Health officials briefed the Montgomery County Council on Tuesday about the county’s vaccination plan so far.
A Montgomery County, Maryland, lawmaker is pushing the county to begin vaccinating older adults, who are newly eligible for COVID-19 vaccines under sped-up state guidelines, as early as this week.
But county health officials say they are still working through the vaccinations of thousands of health care workers, and the state isn’t providing enough doses of the vaccines to begin putting shots in the arms of people age 75 and older in large numbers any time soon.
Under Phase 1b of Maryland’s coronavirus vaccination plan, those older adults were eligible to receive the shots starting Monday. Other jurisdictions, including neighboring Prince George’s County, are moving ahead with vaccines for people age 75 and older.
Speaking during a Montgomery County Council hearing Tuesday, At-Large Council member Hans Riemer pushed for expanding vaccinations under the state guidelines, and said seniors in Montgomery County “need to feel like they’re a priority.”
Earl Stoddard, the director of the county’s Office of Emergency Management and Homeland Security, said the county still has between 15,000 and 20,000 health care workers, such as dentists and pharmacists, to be vaccinated.
Moving seniors to the front of the line would also put the county in a dilemma.
“If we’re going to vaccinate 75-year-olds this week, it will be basically … taking doses away from the health care workers and giving them to the 75-and-older population,” Stoddard told council members during Tuesday’s hearing. “Those are the kinds of choices we will have to make.”
The county’s vaccination efforts will also be the subject of a virtual town hall discussion Tuesday at 7 p.m., hosted by the Montgomery County Council.
Supply low, demand sky-high
Overall, the supply of COVID-19 vaccines provided by Maryland is extremely limited. The county’s allotment for this week totaled just 7,300 first doses of the vaccine, officials told council members.
Demand, on the other hand, is sky-high.
As a first step in moving toward Phase 1b vaccinations, Montgomery County allowed residents to sign up to preregister for the next phase of vaccinations starting Friday.
As of Monday, some 53,000 people had signed up to preregister for Phase 1b vaccinations, said Dr. Raymond Crowel, director of the Montgomery County Health and Human Services Department.
Still, Riemer pushed for seniors to begin to be able to make vaccine appointments, even if they’re weeks into the future.

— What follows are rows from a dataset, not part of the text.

(* Let $(G,T)$ be a terminal graph obtained from the terminal graph $(G-v,T\setminus\{v\})$ by introducing $v$, and let $k$ be a positive integer. Let $(H,\ell)=\mathcal{C}^c_k(G-v,T\setminus\{v\})$. Construct a labeled graph $(H',\ell')$ as follows. For every node $x$ of $H$ and every color $c\in\{1,\dots,k\}$: if the unique function $\delta:T\to\{1,\dots,k\}$ with $\delta(v)=c$ and $\delta|_{T\setminus\{v\}}=\ell(x)$ is a coloring of $G[T]$, introduce a node $x_c$ with $\ell'(x_c)=\delta$. For every pair of distinct nodes $x_c,y_d$, add an edge between them if and only if $x=y$, or $xy$ is an edge of $H$ and $c=d$. Then $(H',\ell')=\mathcal{C}^c_k(G,T)$. Moreover, given any certificate for $(H,\ell)$, there is a certificate for $(H',\ell')$ such that for every $k$-coloring $\gamma$ of $G$, if $x$ is the $\gamma|_{V(G)\setminus\{v\}}$-node of $H$ and $\gamma(v)=c$, then $x_c$ is the $\gamma$-node of $H'$.
   Context: A terminal graph $(G,T)$ is a graph $G$ with $T\subseteq V(G)$. $(G,T)$ is obtained from $(G-v,T\setminus\{v\})$ by introducing $v$ if $T\ne V(G)$, $v\in T$ and $N(v)\subseteq T$. A $k$-coloring of $G$ is a map $\alpha:V(G)\to\{1,\dots,k\}$ with $\alpha(u)\ne\alpha(w)$ for all edges $uw$. $\mathcal{C}_k(G)$ has the $k$-colorings as nodes, adjacent iff they differ on exactly one vertex. For $T\subseteq V(G)$, label each coloring $\gamma$ by $\gamma|_T$. A label component is a maximal set of colorings with the same label inducing a connected subgraph of $\mathcal{C}_k(G)$. The contracted solution graph $\mathcal{C}^c_k(G,T)=(H,\ell)$ has one node $x$ per label component $S_x$, distinct $x,y$ adjacent iff some $\gamma\in S_x,\gamma'\in S_y$ are adjacent in $\mathcal{C}_k(G)$, and $\ell(x)$ the common label on $S_x$; labeled graphs are identified up to label-preserving isomorphism. A certificate for $(H,\ell)$ is an assignment of nonempty sets $S_x$ of $k$-colorings of $G$ to the nodes such that: the $S_x$ partition the $k$-colorings; $\gamma|_T=\ell(x)$ for $\gamma\in S_x$; adjacent nodes have distinct labels; each $S_x$ induces a connected subgraph of $\mathcal{C}_k(G)$; distinct $x,y$ are adjacent iff some $\gamma\in S_x$ and $\gamma'\in S_y$ are adjacent in $\mathcal{C}_k(G)$. The $\gamma$-node with respect to a certificate $S$ is the node $x$ with $\gamma\in S_x$. *)

From mathcomp Require Import all_boot.

(* A graph is a finite type [V] of vertices with an edge relation [e : rel V]
   (assumed symmetric and irreflexive where needed), restricted to a vertex
   set [W : {set V}] (so G has W = [set: V] and G - v has W = [set~ v]).
   A (partial) map [g : {ffun V -> option 'I_k}] is a k-coloring of (W,e)
   iff it is defined (Some) exactly on W and proper on edges inside W.
   Colors {1..k} are represented by 'I_k. *)

Definition cmap (V : finType) (k : nat) := {ffun V -> option 'I_k}.

Definition is_col (V : finType) (e : rel V) (k : nat) (W : {set V})
  (g : cmap V k) : bool :=
  [forall x, (g x != None) == (x \in W)] &&
  [forall x, forall y, [&& x \in W, y \in W & e x y] ==> (g x != g y)].

Definition col_adj (V : finType) (k : nat) (g g' : cmap V k) : bool :=
  #|[set x | g x != g' x]| == 1.

Definition lab (V : finType) (k : nat) (T : {set V}) (g : cmap V k) : cmap V k :=
  [ffun x => if x \in T then g x else None].

Definition induces_connected (V : finType) (k : nat) (S : {set cmap V k}) : Prop :=
  S != set0 /\
  forall g g', g \in S -> g' \in S ->
    connect (fun a b => [&& a \in S, b \in S & col_adj V k a b]) g g'.

Definition same_label_conn (V : finType) (e : rel V) (k : nat) (W T : {set V})
  (S : {set cmap V k}) : Prop :=
  (forall g, g \in S -> is_col V e k W g) /\
  (forall g g', g \in S -> g' \in S -> lab V k T g = lab V k T g') /\
  induces_connected V k S.

Definition label_component (V : finType) (e : rel V) (k : nat) (W T : {set V})
  (S : {set cmap V k}) : Prop :=
  same_label_conn V e k W T S /\
  forall S' : {set cmap V k}, S \subset S' -> same_label_conn V e k W T S' -> S' = S.

(* (N,h,l) is (label-preservingly isomorphic to) the contracted solution
   graph C^c_k((W,e),T). *)
Definition is_contracted (V : finType) (e : rel V) (k : nat) (W T : {set V})
  (N : finType) (h : rel N) (l : N -> cmap V k) : Prop :=
  exists phi : N -> {set cmap V k},
    [/\ injective phi,
        (forall S, label_component V e k W T S <-> exists x, phi x = S),
        (forall x y, h x y <->
           (x != y /\ exists g g', [/\ g \in phi x, g' \in phi y & col_adj V k g g']))
      & (forall x g, g \in phi x -> lab V k T g = l x)].

Definition certificate (V : finType) (e : rel V) (k : nat) (W T : {set V})
  (N : finType) (h : rel N) (l : N -> cmap V k) (S : N -> {set cmap V k}) : Prop :=
  (forall x, S x != set0) /\
  (forall x g, g \in S x -> is_col V e k W g) /\
  (forall g, is_col V e k W g -> exists x, g \in S x) /\
  (forall x y g, g \in S x -> g \in S y -> x = y) /\
  (forall x g, g \in S x -> lab V k T g = l x) /\
  (forall x y, h x y -> l x != l y) /\
  (forall x, induces_connected V k (S x)) /\
  (forall x y, x != y ->
         (h x y <-> exists g g', [/\ g \in S x, g' \in S y & col_adj V k g g'])).

Definition introduces (V : finType) (e : rel V) (T : {set V}) (v : V) : Prop :=
  [/\ T != [set: V], v \in T & forall u, e v u -> u \in T].

Definition ext (V : finType) (k : nat) (v : V) (c : 'I_k) (L : cmap V k) : cmap V k :=
  [ffun u => if u == v then Some c else L u].

Definition del (V : finType) (k : nat) (v : V) (g : cmap V k) : cmap V k :=
  [ffun u => if u == v then None else g u].

Definition Hp_cond (V : finType) (e : rel V) (k : nat) (T : {set V}) (v : V)
  (N : finType) (l : N -> cmap V k) (p : N * 'I_k) : bool :=
  is_col V e k T (ext V k v p.2 (l p.1)).

Definition Hp_node (V : finType) (e : rel V) (k : nat) (T : {set V}) (v : V)
  (N : finType) (l : N -> cmap V k) : finType :=
  {p : N * 'I_k | Hp_cond V e k T v N l p}.

Definition Hp_edge (V : finType) (e : rel V) (k : nat) (T : {set V}) (v : V)
  (N : finType) (h : rel N) (l : N -> cmap V k) : rel (Hp_node V e k T v N l) :=
  fun p q => (p != q) &&
    (((val p).1 == (val q).1) || (h (val p).1 (val q).1 && ((val p).2 == (val q).2))).

Definition Hp_lab (V : finType) (e : rel V) (k : nat) (T : {set V}) (v : V)
  (N : finType) (l : N -> cmap V k) (p : Hp_node V e k T v N l) : cmap V k :=
  ext V k v (val p).2 (l (val p).1).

“There’s so much anxiety out there because older people are hearing that they can get vaccinated in Virginia, they can get vaccinated in D.C., they can get vaccinated in Prince George’s County,” Riemer said. “But they can’t get vaccinated in Montgomery County, and that is untenable. We have to be able to offer that.”

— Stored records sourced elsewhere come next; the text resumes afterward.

Lemma super_mulr1 a : super_mul a (super_one B m) = a.
Proof.
apply/ffunP => S; rewrite super_mulE (bigD1 S) //= [X in _ + X]big1 ?addr0 => [|S1 S1nS].
  rewrite (bigD1 set0) //= [X in _ + X]big1 ?addr0 => [|S2 /negbTE S2n0]; last first.
    by rewrite ffunE S2n0 mulr0 if_same.
  by rewrite -setI_eq0 setI0 setU0 !eqxx inversions0r ffunE eqxx mulr1 mul1r.
apply: big1 => S2 _; rewrite ffunE.
case: (S2 =P set0) => [->|_]; last by rewrite mulr0 if_same.
by rewrite setU0 (negbTE S1nS) andbF.
Qed.

Lemma super_mulDl a b c :
  super_mul (super_add a b) c = super_add (super_mul a c) (super_mul b c).
Proof.
apply/ffunP => S; rewrite [RHS]ffunE !super_mulE -big_split; apply: eq_bigr => S1 _.
rewrite -big_split; apply: eq_bigr => S2 _ /=.
by case: ifP; rewrite ?addr0 // ffunE mulrDr mulrDl.
Qed.

Lemma super_mulDr a b c :
  super_mul a (super_add b c) = super_add (super_mul a b) (super_mul a c).
Proof.
apply/ffunP => S; rewrite [RHS]ffunE !super_mulE -big_split; apply: eq_bigr => S1 _.
rewrite -big_split; apply: eq_bigr => S2 _ /=.
by case: ifP; rewrite ?addr0 // ffunE mulrDr.
Qed.
End GrassmannRing.

HB.instance Definition _ (B : comPzRingType) (m : nat) :=
  GRing.Zmodule.on (superring B m).

HB.instance Definition _ (B : comPzRingType) (m : nat) :=
  GRing.Zmodule_isPzRing.Build (superring B m)
    (fun a b c => esym (super_mulA a b c)) (@super_mul1r B m) (@super_mulr1 B m)
    (@super_mulDl B m) (@super_mulDr B m).

Section GrassmannEven.
Variables (B : comPzRingType) (m : nat).
Local Notation L := (superring B m).
Implicit Types a b : L.

Lemma super_mulrE a b : a * b = super_mul a b. Proof. by []. Qed.

Lemma super_expE a e : super_exp a e = a ^+ e.
Proof. by elim: e => [|e IHe]; rewrite ?expr0 // exprS -IHe. Qed.

Lemma super_sumE k (F : 'I_k -> L) : super_sum F = \sum_i F i.
Proof.
apply/ffunP => S; rewrite ffunE.
by elim/big_rec2: _ => [|i x y _ ->]; rewrite ffunE.
Qed.

Lemma super_even1 : super_even (1 : L).
Proof. by move=> S; rewrite ffunE; case: eqP => // ->; rewrite cards0. Qed.

Lemma cards_disjointU (T : finType) (A C : {set T}) :
  [disjoint A & C] -> #|A :|: C| = (#|A| + #|C|)%N.
Proof. by move=> dAC; rewrite cardsU (disjoint_setI0 dAC) cards0 subn0. Qed.

Lemma super_evenM a b : super_even a -> super_even b -> super_even (a * b).
Proof.
move=> ea eb S oddS; rewrite super_mulrE super_mulE.
apply: big1 => S1 _; apply: big1 => S2 _; case: ifP => // /andP[d12 /eqP S12].
move: oddS; rewrite -S12 cards_disjointU // oddD.
by case: (boolP (odd #|S1|)) => [/ea -> | _ /eb ->]; rewrite ?mulr0 ?mul0r.
Qed.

No vaccines left on shelves
Health officials said they are exhausting their supply of vaccines provided by the state each week and there aren’t any leftover doses sitting on shelves. In fact, in terms of the sheer number of doses administered, the county is leading the state.

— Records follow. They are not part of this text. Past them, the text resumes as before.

(* If $p$ is prime, then $f_p$ is not oblivious to $p$; that is, for every asynchronous binary transducer for $f_p$, every accessible cycle has length a multiple of $p$.
   Context: An asynchronous binary transducer is $(S,s_0,t,o)$ with $S$ finite, $s_0\in S$, $t\colon S\times\{0,1\}\to S$, $o\colon S\times\{0,1\}\to\{0,1\}^*$; $t$ and $o$ extend to words: for $s\in S$ and $\sigma_1\sigma_2\cdots$ let $s_1=s$, $s_{n+1}=t(s_n,\sigma_n)$, $t(s,\sigma_1\cdots\sigma_n)=s_{n+1}$, $o(s,\sigma_1\sigma_2\cdots)=o(s_1,\sigma_1)o(s_2,\sigma_2)\cdots$. It is a transducer for a homeomorphism $f$ of $\{0,1\}^\omega$ if $f(\psi)=o(s_0,\psi)$ for all $\psi$. A state $s$ is accessible if $s=t(s_0,\alpha)$ for some finite word $\alpha$. A cycle is a pair $(c,\gamma)$ with $c\in S$ and $\gamma$ a nonempty finite word with $t(c,\gamma)=c$; its length is $|\gamma|$; it is accessible if $c$ is. A transducer is oblivious to $p$ if it has an accessible cycle whose length is not a multiple of $p$; a rational homeomorphism is oblivious to $p$ if some transducer for it is. $f_p$ is the homeomorphism switching the digits in positions $p,2p,3p,\ldots$ of a binary sequence and leaving other digits unchanged. *)

From mathcomp Require Import all_boot.
Unset Printing Implicit Defensive.

(* Infinite binary sequences {0,1}^omega are functions nat -> bool (0-indexed;
   psi i is the (i+1)-th digit). Finite words are seq bool. *)

Record transducer := Transducer {
  tstate : finType;
  s0 : tstate;
  tr : tstate -> bool -> tstate;
  out : tstate -> bool -> seq bool }.

Definition tr_word (T : transducer) (s : tstate T) (w : seq bool) : tstate T :=
  foldl (@tr T) s w.

(* the state s_{n+1} reached after reading the first n letters of psi *)
Fixpoint state_at (T : transducer) (s : tstate T) (psi : nat -> bool) (n : nat)
  : tstate T :=
  match n with
  | 0 => s
  | n'.+1 => @tr T (state_at T s psi n') (psi n')
  end.

Fixpoint out_prefix (T : transducer) (s : tstate T) (psi : nat -> bool) (n : nat)
  : seq bool :=
  match n with
  | 0 => [::]
  | n'.+1 => out_prefix T s psi n' ++ @out T (state_at T s psi n') (psi n')
  end.

(* the infinite word o(s, psi) equals phi: all finite partial outputs are
   prefixes of phi, and their lengths are unbounded (so the concatenation
   is an infinite word). *)
Definition out_inf_eq (T : transducer) (s : tstate T) (psi phi : nat -> bool) :=
  (forall n i, i < size (out_prefix T s psi n) ->
      nth false (out_prefix T s psi n) i = phi i) /\
  (forall m, exists n, m <= size (out_prefix T s psi n)).

Definition is_transducer_for (T : transducer) (f : (nat -> bool) -> (nat -> bool)) :=
  forall psi, out_inf_eq T (@s0 T) psi (f psi).

Definition accessible (T : transducer) (s : tstate T) :=
  exists alpha : seq bool, s = tr_word T (@s0 T) alpha.

Definition is_cycle (T : transducer) (c : tstate T) (gamma : seq bool) :=
  gamma != [::] /\ tr_word T c gamma = c.

Definition oblivious_transducer (T : transducer) (p : nat) :=
  exists (c : tstate T) (gamma : seq bool),
    accessible T c /\ is_cycle T c gamma /\ ~~ (p %| size gamma).

(* f_p switches digits in positions p, 2p, 3p, ... (1-indexed) *)
Definition f_ (p : nat) (psi : nat -> bool) : nat -> bool :=
  fun i => if p %| i.+1 then ~~ psi i else psi i.

Definition oblivious (f : (nat -> bool) -> (nat -> bool)) (p : nat) :=
  exists T : transducer, is_transducer_for T f /\ oblivious_transducer T p.

From mathcomp Require Import all_boot.
From mathcomp Require Import zify.

Set Implicit Arguments.
Unset Strict Implicit.

(* Two input words u0 and u1 leading a transducer for f_p to the same state are
   followed by the same output, so f_p(u0 psi) shifted by the length L0 of the
   output on u0 coincides with f_p(u1 psi) shifted by L1, for every psi.  Far
   to the right, f_p(u psi) is psi shifted by |u| and xor-ed with the flip
   pattern of period p.  Perturbing one digit of psi shows that both shifts
   read psi at the same place, L0 + |u1| = L1 + |u0|; the flip pattern shows
   L0 = L1 (mod p).  Hence |u0| = |u1| (mod p), and a cycle gamma reached by
   alpha gives |alpha| = |alpha gamma| (mod p). *)

Fixpoint prepend (u : seq bool) (psi : nat -> bool) : nat -> bool :=
  if u is b :: u' then fun i => if i is i'.+1 then prepend u' psi i' else b
  else psi.

Lemma prepend_tail u psi i : size u <= i -> prepend u psi i = psi (i - size u).
Proof. by elim: u i => [|b u IH] [|i] //= /IH. Qed.

Fixpoint out_word (T : transducer) (s : tstate T) (w : seq bool) : seq bool :=
  if w is b :: w' then out T s b ++ out_word (tr T s b) w' else [::].

Section OutputPrefixes.

Variable T : transducer.

Lemma state_at_succ (s : tstate T) psi n :
  state_at T s psi n.+1 = state_at T (tr T s (psi 0)) (fun i => psi i.+1) n.
Proof.
elim: n => [|n IH] //.
by rewrite -[LHS]/(tr T (state_at T s psi n.+1) (psi n.+1)) IH.
Qed.

Lemma out_prefix_succ (s : tstate T) psi n :
  out_prefix T s psi n.+1 =
  out T s (psi 0) ++ out_prefix T (tr T s (psi 0)) (fun i => psi i.+1) n.
Proof.
elim: n => [|n IH]; first by rewrite /= cats0.
rewrite -[LHS]/(out_prefix T s psi n.+1 ++ out T (state_at T s psi n.+1) (psi n.+1)).
by rewrite IH state_at_succ catA.
Qed.

Lemma out_prefix_prepend (s : tstate T) u psi m :
  out_prefix T s (prepend u psi) (size u + m) =
  out_word s u ++ out_prefix T (tr_word T s u) psi m.
Proof. by elim: u s => [|b u IH] s //; rewrite addSn out_prefix_succ IH catA. Qed.

Lemma size_out_prefix_homo (s : tstate T) psi :
  {homo (fun n => size (out_prefix T s psi n)) : m n / m <= n}.
Proof.
by apply: homo_leq => [//|n m k|n]; [exact: leq_trans | rewrite /= size_cat leq_addr].
Qed.

Variable f : (nat -> bool) -> nat -> bool.
Hypothesis Tf : is_transducer_for T f.

Lemma out_prefix_unbounded u psi M :
  exists m, M <= size (out_prefix T (tr_word T (s0 T) u) psi m).
Proof.
have [_ /(_ (size (out_word (s0 T) u) + M)) [n Hn]] := Tf (prepend u psi).
exists n; have := size_out_prefix_homo (s0 T) (prepend u psi) (leq_addl (size u) n).
rewrite out_prefix_prepend size_cat; lia.
Qed.

Lemma nth_out_prefix_reached u psi m j :
  j < size (out_prefix T (tr_word T (s0 T) u) psi m) ->
  nth false (out_prefix T (tr_word T (s0 T) u) psi m) j =
  f (prepend u psi) (size (out_word (s0 T) u) + j).
Proof.
move=> Hj; have [Hnth _] := Tf (prepend u psi).
rewrite -(Hnth (size u + m)); last by rewrite out_prefix_prepend size_cat ltn_add2l.
by rewrite out_prefix_prepend nth_cat ltnNge leq_addr /= addKn.
Qed.

Lemma same_state_output_shift u0 u1 :
  tr_word T (s0 T) u0 = tr_word T (s0 T) u1 ->
  forall psi j, f (prepend u0 psi) (size (out_word (s0 T) u0) + j) =
                f (prepend u1 psi) (size (out_word (s0 T) u1) + j).
Proof.
move=> same psi j; have [m Hm] := out_prefix_unbounded u0 psi j.+1.
by rewrite -(nth_out_prefix_reached Hm) same nth_out_prefix_reached // -same.
Qed.

End OutputPrefixes.

Lemma f_prepend_tail p u psi i : size u <= i ->
  f_ p (prepend u psi) i = (p %| i.+1) (+) psi (i - size u).
Proof. by move=> Hi; rewrite /f_ prepend_tail //; case: (p %| i.+1). Qed.

Section ShiftedFlips.

Variables (p L0 L1 : nat) (u0 u1 : seq bool).
Hypothesis shift : forall psi j,
  f_ p (prepend u0 psi) (L0 + j) = f_ p (prepend u1 psi) (L1 + j).

Lemma f_shift_far_dvdn j : size u0 + size u1 <= j ->
  (p %| (L0 + j).+1) = (p %| (L1 + j).+1).
Proof.
move=> Hj; have := shift (fun=> false) j.
by rewrite !f_prepend_tail ?addbF //; lia.
Qed.

Lemma f_shift_offset : L0 + size u1 = L1 + size u0.
Proof.
set j := size u0 + size u1; set x := L0 + j - size u0.
have := shift (pred1 x) j.
rewrite !f_prepend_tail ?f_shift_far_dvdn /= ?eqxx => [/addbI/esym/eqP| | |]; lia.
Qed.

Lemma f_shift_mod : 0 < p -> L0 = L1 %[mod p].
Proof.
move=> p_gt0; set K := size u0 + size u1 + L0.+1.
have leKpK : K <= p * K by rewrite leq_pmull.
set j := p * K - L0.+1.
have Hj : (L0 + j).+1 = p * K by rewrite /j; lia.
have far : size u0 + size u1 <= j by lia.
have := f_shift_far_dvdn far; rewrite Hj dvdn_mulr // => /esym /eqP Hd.
by apply/eqP; rewrite -(eqn_modDr j.+1) !addnS Hj modnMr Hd.
Qed.

End ShiftedFlips.

Section TransducerForFlips.

Variables (p : nat) (T : transducer).
Hypotheses (p_gt0 : 0 < p) (Tf : is_transducer_for T (f_ p)).

Lemma same_state_size_mod u0 u1 :
  tr_word T (s0 T) u0 = tr_word T (s0 T) u1 -> size u0 = size u1 %[mod p].
Proof.
move=> /(same_state_output_shift Tf) shift; apply/eqP.
rewrite -(eqn_modDl (size (out_word (s0 T) u1))) -(f_shift_offset shift) eqn_modDr.
exact/eqP/(f_shift_mod shift p_gt0).
Qed.

Lemma accessible_cycle_dvdn c gamma :
  accessible T c -> tr_word T c gamma = c -> p %| size gamma.
Proof.
move=> [alpha ->] cyc.
have /same_state_size_mod : tr_word T (s0 T) alpha = tr_word T (s0 T) (alpha ++ gamma).
  by rewrite /tr_word foldl_cat.
by rewrite size_cat -[X in X = _ %[mod _]]addn0 => /eqP; rewrite eqn_modDl mod0n eq_sym.
Qed.

End TransducerForFlips.

Theorem lemma3p3 (p : nat) : prime p ->
  ~ oblivious (f_ p) p /\
  (forall T : transducer, is_transducer_for T (f_ p) ->
     forall (c : tstate T) (gamma : seq bool),
       accessible T c -> is_cycle T c gamma -> p %| size gamma).
Proof.
move=> /prime_gt0 p_gt0.
have cycle_dvdn T (Tf : is_transducer_for T (f_ p)) c gamma :
    accessible T c -> is_cycle T c gamma -> p %| size gamma.
  by move=> acc [_]; exact: accessible_cycle_dvdn.
split=> // -[T [Tf [c [gamma [acc [cyc ndvd]]]]]].
by rewrite (cycle_dvdn T Tf c gamma acc cyc) in ndvd.
Qed.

Health Officer Dr. Travis Gayles said Montgomery County is consistently distributing all of the vaccine doses it receives from the state each week. “We’ve pushed out all of the vaccine distributed … We don’t have any left,” he added.
Officials said the governor’s announcement last week to move into Phase 1b this week and 1c next week “created a massive expectation that there’s something available to people that there is not,” Stoddard said, pointing to the limited state-provided supplies.
Some council members said they have even heard of Montgomery County residents age 75 and older who have made appointments in neighboring Prince George’s County, using the county’s digital sign-up sheet.
Prince George’s County announced Monday that, starting Feb. 9, it would limit Phase 1b vaccine appointments to people who live and work in its county only.
Montgomery County officials said they are working on ways to expand supply, including by leveraging doses from hospitals — which receive their doses directly from the federal government — for public use, or to vaccinate other types of health care workers who are still waiting on shots.
During the hearing Tuesday, council members questioned how the state distributes the vaccines it receives from the federal government to the various counties.
At-Large Council member Evan Glass called the state’s decision-making “perplexing.”
“I’m trying to figure out how the state is fairly and equitably distributing the short supply of vaccines that we have and why here in Montgomery County, with a population of nearly 1.1 million people, our residents are not receiving more,” Glass said.
But, he added, “We are at the mercy of the state, and the state is at the mercy of the federal government.”
Phase 1c next week also likely delayed
Overall, the limited supply also risks delaying the county’s move to further tiers of Phase 1b, such as teachers, as well as Phase 1c, which includes people age 65 and older. Under the state guidelines, Phase 1c is set to start Jan. 25.
Overall, the state receives a total of about 72,000 vaccine doses weekly from the federal government, which is then parceled out to the counties.
Montgomery County alone estimates there are between 100,000 and 140,000 of its residents to be vaccinated under Phase 1b, which has yet to get underway.
“So, if the state of Maryland gave us every single dose the state received, it would take us at least two weeks to vaccinate all of what’s in 1b before we could move on to 1c,” Stoddard said.